2 weeks. 1 game. About this project.
My name is Martin and I’m the developer and project leader of AirlineSim (as the name suggests, a business simulation game about airlines). Next January, this project will be 10 years old and I will have spent around 40% of my life with it since I started it in my late teen years.
So what is this? About the project.
For online games there is nothing like a “finished state”. They are more like a living organism that evolves over time but is never really done in the sense of a car rolling off the assembly line. If you spent a large chunk of your life with a single project like this the feeling of “having finished something” tends to get lost. You work every day and you complete many small tasks, but in the big picture you feel like Sisyphus pushing his rock up the hill.
Since timing permits (see below), I decided to give a try to an idea I’ve had for several weeks now: Pick some basic concepts I always wanted to see in a business simulation game, boil them down to their essential components and put them all in a simple game. Finish this game within a strictly defined timeframe - two weeks in this case - without thinking about future expansions. The game has to be playable after these two weeks but may naturally lack many bells and whistles.
Personally, I want to see how far I can get within two weeks on a new project under the premise of delivering something that’s “finished”. The opposite of a 10-year project without a deadline.
Why now? About the timing.
A few weeks from now the team of AirlineSim and I will decide on the roadmap of the game for the next 10 to 12 months and until then, everything kind of goes into hibernation. That’s because we have some pretty large changes in mind for our next major milestone and every development work invested in the game right now might prove to be obsolete within a few week’s time.
Just before April 2nd I will have to make the final preparations for the roadmap meeting, right after that date all focus will be back on AirlineSim and other long-term projects. This leaves me with a small time window and the rare opportunity to use it for other things than AirlineSim.

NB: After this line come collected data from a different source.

(* Let $q$ be a prime power, $\mathbb{F}:=\mathbb{F}_q$, $\alpha\in\mathbb{F}$ with $\mathrm{ord}(\alpha)=n$, $0\leq\delta\leq n-1$, $A:=\mathbb{F}[x]/\langle x^n-1\rangle$, and let $\sigma\in\mathrm{Aut}_{\mathbb{F}}(A)$ be defined by $\sigma(x)=\alpha x$. Let $\mathcal{C}:=\mathrm{im}\,G\subseteq\mathbb{F}[z]^n$ where $G:=\sum_{\nu=0}^{\delta}z^\nu\begin{pmatrix}1&\alpha^\nu&\alpha^{2\nu}&\ldots&\alpha^{(n-1)\nu}\end{pmatrix}$. Then: (a) $\mathfrak{p}(\mathcal{C})$ is the left ideal in $A[z;\sigma]$ generated by the element \[ \sum_{\nu=0}^{\delta}z^\nu\sum_{i=0}^{n-1}\alpha^{\nu i}x^i=\prod_{i=1}^{n-1}(x-\alpha^i)\sum_{\nu=0}^{\delta}z^\nu; \] (b) $\mathfrak{p}(\mathcal{C})$ is the left ideal in $A[z;\sigma]$ generated by the element \[ \varepsilon_0\sum_{\nu=0}^{\delta}z^\nu=\varepsilon_0(1+z\varepsilon_{n-1})(1+z\varepsilon_{n-2})\cdots(1+z\varepsilon_{n-\delta}) \] (the product being empty, i.e. equal to $1$, when $\delta=0$).
   Context: $\mathrm{ord}(\alpha)$ is the multiplicative order of $\alpha$. For $\sigma\in\mathrm{Aut}_{\mathbb{F}}(A)$, the skew polynomial ring $A[z;\sigma]$ is the set of polynomials $\sum_\nu z^\nu a_\nu$ ($a_\nu\in A$) with usual addition and multiplication determined by associativity, distributivity, the multiplication of $A$, and the rule $az=z\sigma(a)$ for $a\in A$. The map $\mathfrak{p}:\mathbb{F}[z]^n\to A[z;\sigma]$ is $\sum_\nu z^\nu v_\nu\mapsto\sum_\nu z^\nu\sum_{i=0}^{n-1}v_{\nu,i}x^i$ for $v_\nu=(v_{\nu,0},\ldots,v_{\nu,n-1})\in\mathbb{F}^n$. For $k=0,\ldots,n-1$, $\varepsilon_k\in A$ is the primitive idempotent corresponding to the factor $x-\alpha^k$ of $x^n-1=\prod_{i=0}^{n-1}(x-\alpha^i)$, i.e. the unique element of $A$ with $\varepsilon_k(\alpha^i)=\delta_{k,i}$ for $i=0,\ldots,n-1$ (evaluation of a representative). *)

From HB Require Import structures.
From mathcomp Require Import all_boot all_order all_algebra.
Set Implicit Arguments. Unset Strict Implicit. Unset Printing Implicit Defensive.
Import GRing.Theory.
Local Open Scope ring_scope.

Notation cycA F n := {poly %/ ('X^n - 1 : {poly F})}.

Section Skew.
Variables (F : fieldType) (n : nat) (a : F).

Definition sigmaA (f : cycA F n) : cycA F n :=
  in_qpoly ('X^n - 1) ((f : {poly F}) \Po (a *: 'X)).

(* The skew polynomial ring A[z; sigma]: an element  sum_nu z^nu a_nu
   is represented by the (ordinary) polynomial  P : {poly A}  with
   P`_nu = a_nu.  Multiplication is determined by  a z = z sigma(a),
   i.e.  (z^i a)(z^j b) = z^(i+j) sigma^j(a) b. *)
Definition skmul (P Q : {poly cycA F n}) : {poly cycA F n} :=
  \poly_(k < (size P + size Q).-1)
     \sum_(i < k.+1) iter (k - i) sigmaA (P`_i) * Q`_(k - i).

Definition left_ideal_gen (g : {poly cycA F n}) : {poly cycA F n} -> Prop :=
  fun P => exists r : {poly cycA F n}, P = skmul r g.

Definition pfrak (v : 'rV[{poly F}]_n) : {poly cycA F n} :=
  \poly_(nu < \sum_(i < n) size (v ord0 i))
     in_qpoly ('X^n - 1) (\sum_(i < n) (v ord0 i)`_nu *: 'X^i).

End Skew.

Definition genG (F : fieldType) (n : nat) (a : F) (delta : nat)
  : 'M[{poly F}]_(1, n) :=
  \matrix_(j < 1, i < n) \sum_(nu < delta.+1) (a ^+ (nu * i)) *: 'X^nu.

Definition codeC (F : fieldType) (n : nat) (a : F) (delta : nat)
  : 'rV[{poly F}]_n -> Prop :=
  fun v => exists u : 'M[{poly F}]_(1, 1), v = u *m genG n a delta.

(* epsilon_k : the unique element of A with eps_k(a^i) = delta_{k,i}
   for i = 0..n-1 (evaluation of the canonical representative). *)
Definition epsA (F : finFieldType) (n : nat) (a : F) (k : nat) : cycA F n :=
  odflt 0 [pick e : cycA F n |
             [forall i : 'I_n, (e : {poly F}).[a ^+ i] == (i == k :> nat)%:R]].

Arguments sigmaA {F} n a f.
Arguments skmul {F} n a P Q.
Arguments left_ideal_gen {F} n a g _.
Arguments pfrak {F} n v.
Arguments genG {F} n a delta.
Arguments codeC {F} n a delta v.
Arguments epsA {F} n a k.

(* Evaluation at [a ^+ t], [t < n], identifies [A] with [F ^ n] (the
   [a ^+ t] are the [n] distinct roots of ['X^n - 1]), and [sigma] becomes the
   shift [evA t \o sigma = evA t.+1].  The image [g_nu] in [A] of the row
   [(a ^+ (nu * i))_i] of [G] evaluates to [n * (n %| t + nu)], i.e.
   [g_nu = n sigma^nu(eps_0)]; hence [sigma^nu(f) g_nu = f(1) g_nu] for all
   [f : A].  So the [z^k]-coefficient of a left multiple [r * sum_nu z^nu c g_nu]
   is [sum_j (c r_j(1)) g_(k-j)], the [z^k]-coefficient of [p(uG)] with
   [u_j = c r_j(1)]; conversely [p(uG)] is obtained from the constants
   [r_j = u_j / c].  Both generators have this shape, with [c = 1] and
   [c = 1/n].  The product formula in (b) follows from
   [eps_(n-j) = sigma^j(eps_0)] and the orthogonality of the idempotents. *)

From HB Require Import structures.
From mathcomp Require Import all_boot all_order all_algebra zify.
Import GRing.Theory.
Local Open Scope ring_scope.
Set Implicit Arguments. Unset Strict Implicit.

Lemma mk_monic_Xn_sub1 (R : nzRingType) n : (0 < n)%N ->
  mk_monic ('X^n - 1 : {poly R}) = 'X^n - 1.
Proof. by move=> n_gt0; rewrite /mk_monic size_XnsubC // ltnS n_gt0 monicXnsubC. Qed.

Section Coefficients.
Variables (F : fieldType) (n : nat) (a : F).
Local Notation A := (cycA F n).
Local Notation sig j := (iter j (sigmaA n a)).

Lemma sigmaA0 : sigmaA n a 0 = 0.
Proof. by rewrite /sigmaA comp_poly0 in_qpoly0. Qed.

Lemma iter_sigmaA0 j : sig j (0 : A) = 0.
Proof. by elim: j => //= j ->; rewrite sigmaA0. Qed.

Lemma coef_skmul (P Q : {poly A}) k :
  (skmul n a P Q)`_k = \sum_(i < k.+1) sig (k - i) P`_i * Q`_(k - i).
Proof.
rewrite /skmul coef_poly; case: ltnP => // k_big; symmetry.
apply: big1 => -[i /= i_le_k] _.
have [P_i0|i_lt] := leqP (size P) i; first by rewrite nth_default // iter_sigmaA0 mul0r.
rewrite [Q`_ _]nth_default ?mulr0 //.
by move: k_big i_lt; rewrite -subn1; move: (size P) (size Q) => sP sQ; lia.
Qed.

Lemma coef_skmulCl (c : A) (Q : {poly A}) k :
  (skmul n a c%:P Q)`_k = sig k c * Q`_k.
Proof.
rewrite coef_skmul big_ord_recl subn0 coefC eqxx big1 ?addr0 // => i _.
by rewrite coefC iter_sigmaA0 mul0r.
Qed.

Lemma skmul_polyC_poly1 (c : A) : skmul n a c%:P (\poly_(nu < 1) 1) = c%:P.
Proof.
apply/polyP => k; rewrite coef_skmulCl coef_poly coefC.
by case: k => [|k]; rewrite ?mulr1 ?mulr0.
Qed.

Lemma coef_skmul_1addXC (P : {poly A}) (s : A) k :
  (skmul n a P (1 + 'X * s%:P))`_k =
  P`_k + (if k is k'.+1 then sigmaA n a P`_k' * s else 0).
Proof.
rewrite coef_skmul big_ord_recr /= subnn coefD coef1 coefXM /= addr0 mulr1 addrC.
congr (_ + _); case: k => [|k]; first by rewrite big_ord0.
rewrite big_ord_recr /= subSnn coefD coef1 coefXM /= coefC /= add0r.
rewrite big1 ?add0r // => i _.
have i_lt := ltn_ord i.
rewrite coefD coef1 coefXM coefC.
have -> : (k.+1 - i == 0)%N = false by apply/eqP; lia.
have -> : ((k.+1 - i).-1 == 0)%N = false by apply/eqP; lia.
by rewrite addr0 mulr0.
Qed.

Lemma coef_pfrak (v : 'rV[{poly F}]_n) k :
  (pfrak n v)`_k = in_qpoly ('X^n - 1) (\sum_(i < n) (v ord0 i)`_k *: 'X^i).
Proof.
rewrite /pfrak coef_poly; case: ltnP => // k_big.
rewrite big1 ?in_qpoly0 // => i _; rewrite nth_default ?scale0r //.
by apply: leq_trans k_big; rewrite (bigD1 i) //= leq_addr.
Qed.

End Coefficients.

Section Evaluation.
Variables (F : fieldType) (n : nat) (a : F).
Hypothesis a_prim : n.-primitive_root a.

Local Notation A := (cycA F n).
Local Notation pp := ('X^n - 1 : {poly F}).
Local Notation sig j := (iter j (sigmaA n a)).

Let n_gt0 : (0 < n)%N := prim_order_gt0 a_prim.

Definition evA (t : nat) (f : A) : F := (f : {poly F}).[a ^+ t].

Lemma evA_in_qpoly t (p : {poly F}) : evA t (in_qpoly pp p) = p.[a ^+ t].
Proof.
have root_pp : pp.[a ^+ t] = 0.
  rewrite hornerD hornerN hornerXn hornerC exprAC (prim_expr_order a_prim).
  by rewrite expr1n subrr.
rewrite /evA /= {2}(Pdiv.RingMonic.rdivp_eq (monic_mk_monic pp) p).
by rewrite mk_monic_Xn_sub1 // hornerD hornerM root_pp mulr0 add0r.
Qed.

Fact evA_is_zmod_morphism t : GRing.zmod_morphism (evA t).
Proof. by move=> f g; rewrite /evA raddfB hornerD hornerN. Qed.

What will it look like? About the game.
I have a pretty clear picture of what the game should look like after the two weeks are up. I have no clue whether I can finish everything on the list within my self-set deadline though. Therefore I will not release the full concept until everything is over to keep expectations low and a backdoor for last-minute changes open.
All I can tell you right now is that it will be a business-simulation game (what else) and that it will center on the circulation of goods and money within a more or less closed economic cycle.
What happens after the two weeks? About future plans.
The point is to have the fundamental mechanics of the game implemented within two weeks. If it works, think about building on top of it. If it doesn’t, throw it away and forget about it. To actually be able to make this decision, the game has to be playable and open to a broader audience than just me or my circle of friends.
The two-week constraint exists to prevent the project from eating up more time than it’s allowed to and thereby keeping me focused on the absolute essentials of the game. That doesn’t mean that development will stop per se after the initial project is completed. But after these two weeks other projects will require my attention again and I will only continue putting energy into the outcome of the 2WP if it proves to be worth it. Simple as that.